* [Data records]
Section Enumeration.
Variables (R : realType) (W : countType).
Implicit Types (g h : W -> R[i]) (w : W) (n : nat).

Lemma enum_seq_pickle g w : enum_seq g (pickle w) = g w.
Proof. by rewrite /enum_seq pickleK_inv. Qed.

Lemma enum_seqD g h n : enum_seq (fun w => g w + h w) n = enum_seq g n + enum_seq h n.
Proof. by rewrite /enum_seq; case: pickle_inv => // ; rewrite addr0. Qed.

Lemma enum_seqN g n : enum_seq (fun w => - g w) n = - enum_seq g n.
Proof. by rewrite /enum_seq; case: pickle_inv => //; rewrite oppr0. Qed.

Lemma enum_seq_delta w0 (a : R[i]) n :
  enum_seq (fun w => if w == w0 then a else 0) n = if n == pickle w0 then a else 0.
Proof.
rewrite /enum_seq; case E: pickle_inv => [w|].
  by rewrite -(@pickle_invK W n) E /= (inj_eq (pcan_inj pickleK_inv)).
by case: eqP E => // ->; rewrite pickleK_inv.
Qed.

Lemma cseries_to_enum_seq2 g w1 w2 : w1 != w2 ->
    (forall w, w != w1 -> w != w2 -> g w = 0) ->
  cseries_to (enum_seq g) (g w1 + g w2).
Proof.
move=> w12 g0.
have -> : enum_seq g = fun n =>
    (if n == pickle w1 then g w1 else 0) + (if n == pickle w2 then g w2 else 0).
  apply/funext => n; rewrite -!enum_seq_delta -enum_seqD; congr enum_seq.
  apply/funext => w; have [->|w1'] := eqVneq w w1; first by rewrite (negPf w12) addr0.
  by rewrite add0r; have [->|w2'] := eqVneq w w2; last exact: g0.
exact: cseries_toD (cseries_to_delta _ _) (cseries_to_delta _ _).
Qed.

End Enumeration.

Section Instruments.
Variables (R : realType) (K : set nat).
Local Notation Re := complex.Re.
Lemma certificate_gap L S : L + S = L0 + S0 -> exists2 e, 0 <= e /\ (e = 0 -> L = L0) &
  nucnorm L0 + lambda * l1norm S0 + e <= nucnorm L + lambda * l1norm S.
Proof.
move=> hLS; set H := L - L0.
have -> : S = S0 - H by apply/(addrI L); rewrite hLS /H addrCA subKr addrC.
have -> : L = L0 + H by rewrite /H addrC subrK.
have [nu [nu0 nuT] gap] := objective_gap H.
have k0 := l1_offsupp_ge0 S0 H.
have b0 : 0 < 1 - b by rewrite subr_gt0.
have g0 : 0 < 1 - g by rewrite subr_gt0.
exists ((1 - b) * nu + lambda * ((1 - g) * l1_offsupp S0 H)); last by rewrite addrA.
have e1 : 0 <= (1 - b) * nu by rewrite mulr_ge0 // ltW.
have e2 : 0 <= lambda * ((1 - g) * l1_offsupp S0 H) by rewrite !mulr_ge0 // ltW.
split=> [|/eqP]; first exact: addr_ge0.
rewrite paddr_eq0 // !mulf_eq0 (gt_eqF b0) (gt_eqF g0) (gt_eqF hlambda) /= => /andP[/eqP/nuT HT /eqP/l1_offsupp_eq0 HO].
by rewrite (POmega_PT_trivial hPT hnorm HT HO) addr0.
Qed.

End Certificate.

Theorem lemma2p3 (R : realType) (n r : nat) (L0 S0 : 'M[R]_n)
  (U V : 'M[R]_(n, r)) (sigma : 'rV[R]_r) (lambda : R)
  (PT : 'M[R]_n -> 'M[R]_n)
  (hU : U^T *m U = 1%:M) (hV : V^T *m V = 1%:M)
  (hsigma : forall i, 0 < sigma 0 i)
  (hsvd : L0 = U *m diag_mx sigma *m V^T)
  (hlambda : 0 < lambda)
  (hPT : is_orth_proj_T U V PT)
  (hnorm : opnorm (fun X => POmega S0 (PT X)) < 1) :
  (exists W F : 'M[R]_n,
     U *m V^T + W = lambda *: (sgnmx S0 + F) /\
     PT W = 0 /\ specnorm W < 1 /\ POmega S0 F = 0 /\ linfnorm F < 1) ->
  (forall L S : 'M[R]_n, L + S = L0 + S0 ->
     nucnorm L0 + lambda * l1norm S0 <= nucnorm L + lambda * l1norm S) /\
  (forall L S : 'M[R]_n, L + S = L0 + S0 ->
     nucnorm L + lambda * l1norm S = nucnorm L0 + lambda * l1norm S0 ->
     L = L0 /\ S = S0).
Proof.
move=> [W [F [hWF [hPTW [hW [hOF hF]]]]]].
have [b [b0 bW hWb]] := specnorm_lipschitz W.
have gap := certificate_gap hU hV (fun i => ltW (hsigma i)) hsvd hPT hlambda hWF hPTW
  b0 hWb hOF (le_linfnorm F) (le_lt_trans bW hW) hF hnorm.
split=> L S hLS; have [e [e0 eL] le_e] := gap L S hLS; first lra.
move=> opt; have L_eq : L = L0 by apply: eL; lra.
by split=> //; apply: (addrI L0); rewrite -hLS L_eq.
Qed.
(* Let $\mathcal K\subseteq\mathbb R^d$ be closed and convex, $\alpha,\epsilon,L>0$, and let $\ell_1,\dots,\ell_T:\mathcal K\to\mathbb R$ be $(\alpha,\epsilon)$-nearly strongly convex with subgradients bounded in norm by $L$, revealed online together with scales $g_1,\dots,g_T\in[0,1]$ (each possibly chosen adaptively). Run online gradient descent: pick any $x_1\in\mathcal K$, and set $x_{t+1}=\Pi_{\mathcal K}\big(x_t-\eta_tg_t\nabla\ell_t(x_t)\big)$ with $\eta_t=R'(G_t)$, $G_t=\sum_{s\le t}g_s$, where $R'(z)=\frac2\alpha$ for $z\in[0,1]$, $R'(z)=\frac{2}{\alpha z}$ for $z\in\big[1,(\frac{\sqrt2L}{\alpha\epsilon})^2\big]$, and $R'(z)=\frac{\sqrt2\,\epsilon}{L\sqrt z}$ for $z\ge(\frac{\sqrt2L}{\alpha\epsilon})^2$. Then for every $x^*\in\mathcal K$, $$\sum_{t=1}^Tg_t\big(\ell_t(x_t)-\ell_t(x^* )\big)\le2\sqrt2\,\epsilon L\sqrt{G_T}+\frac{L^2}{\alpha}\big(\log(G_T+1)+1\big).$$
   Context: A continuous function $h$ on a convex set $\mathcal K$ is $(\alpha,\epsilon)$-nearly strongly convex if for all $x,y\in\mathcal K$ and every subgradient $\nabla h(x)$, $h(y)-h(x)-\nabla h(x)^\top(y-x)\ge\frac\alpha2\big(\|y-x\|-\epsilon\big)_+^2$, where $(z)_+=\max(z,0)$. $\Pi_{\mathcal K}$ is Euclidean projection onto $\mathcal K$; $\nabla\ell_t(x_t)$ is any subgradient. *)

From HB Require Import structures.
From mathcomp Require Import all_boot all_order all_algebra.
From mathcomp Require Import all_classical all_reals all_analysis.
Set Implicit Arguments. Unset Strict Implicit. Unset Printing Implicit Defensive.
Import Order.TTheory GRing.Theory Num.Theory numFieldNormedType.Exports.
Local Open Scope classical_set_scope.
Local Open Scope ring_scope.

Section Defs.
Context {R : realType} {d : nat}.

Definition dotv (u v : 'rV[R]_d) : R := \sum_(i < d) u ord0 i * v ord0 i.
Definition enorm (u : 'rV[R]_d) : R := Num.sqrt (dotv u u).

Definition convex_set_rV (K : set 'rV[R]_d) : Prop :=
  forall x y, K x -> K y -> forall l : R, 0 <= l <= 1 ->
    K (l *: x + (1 - l) *: y).

Definition is_subgradient (K : set 'rV[R]_d) (h : 'rV[R]_d -> R)
    (x v : 'rV[R]_d) : Prop :=
  forall y, K y -> h x + dotv v (y - x) <= h y.

Definition nearly_strongly_convex (K : set 'rV[R]_d) (alpha eps : R)
    (h : 'rV[R]_d -> R) : Prop :=
  {within K, continuous h} /\
  forall x y v, K x -> K y -> is_subgradient K h x v ->
    alpha / 2 * (Num.max (enorm (y - x) - eps) 0) ^+ 2
      <= h y - h x - dotv v (y - x).

Definition is_proj (K : set 'rV[R]_d) (z p : 'rV[R]_d) : Prop :=
  K p /\ forall y, K y -> enorm (p - z) <= enorm (y - z).

End Defs.

Definition Rprime {R : realType} (alpha eps L z : R) : R :=
  if z <= 1 then 2 / alpha
  else if z <= (Num.sqrt 2 * L / (alpha * eps)) ^+ 2 then 2 / (alpha * z)
  else Num.sqrt 2 * eps / (L * Num.sqrt z).

Definition cumG {R : realType} (g : nat -> R) (t : nat) : R :=
  \sum_(1 <= s < t.+1) g s.

From HB Require Import structures.
From mathcomp Require Import all_boot all_order all_algebra.
From mathcomp Require Import all_classical all_reals all_analysis.
From mathcomp Require Import ring lra.
Import Order.TTheory GRing.Theory Num.Theory numFieldNormedType.Exports.
Local Open Scope classical_set_scope.
Local Open Scope ring_scope.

* [Exercise requirements] Your answer should be one number: how many lines in the records above include "hsvd".

* [Response] 2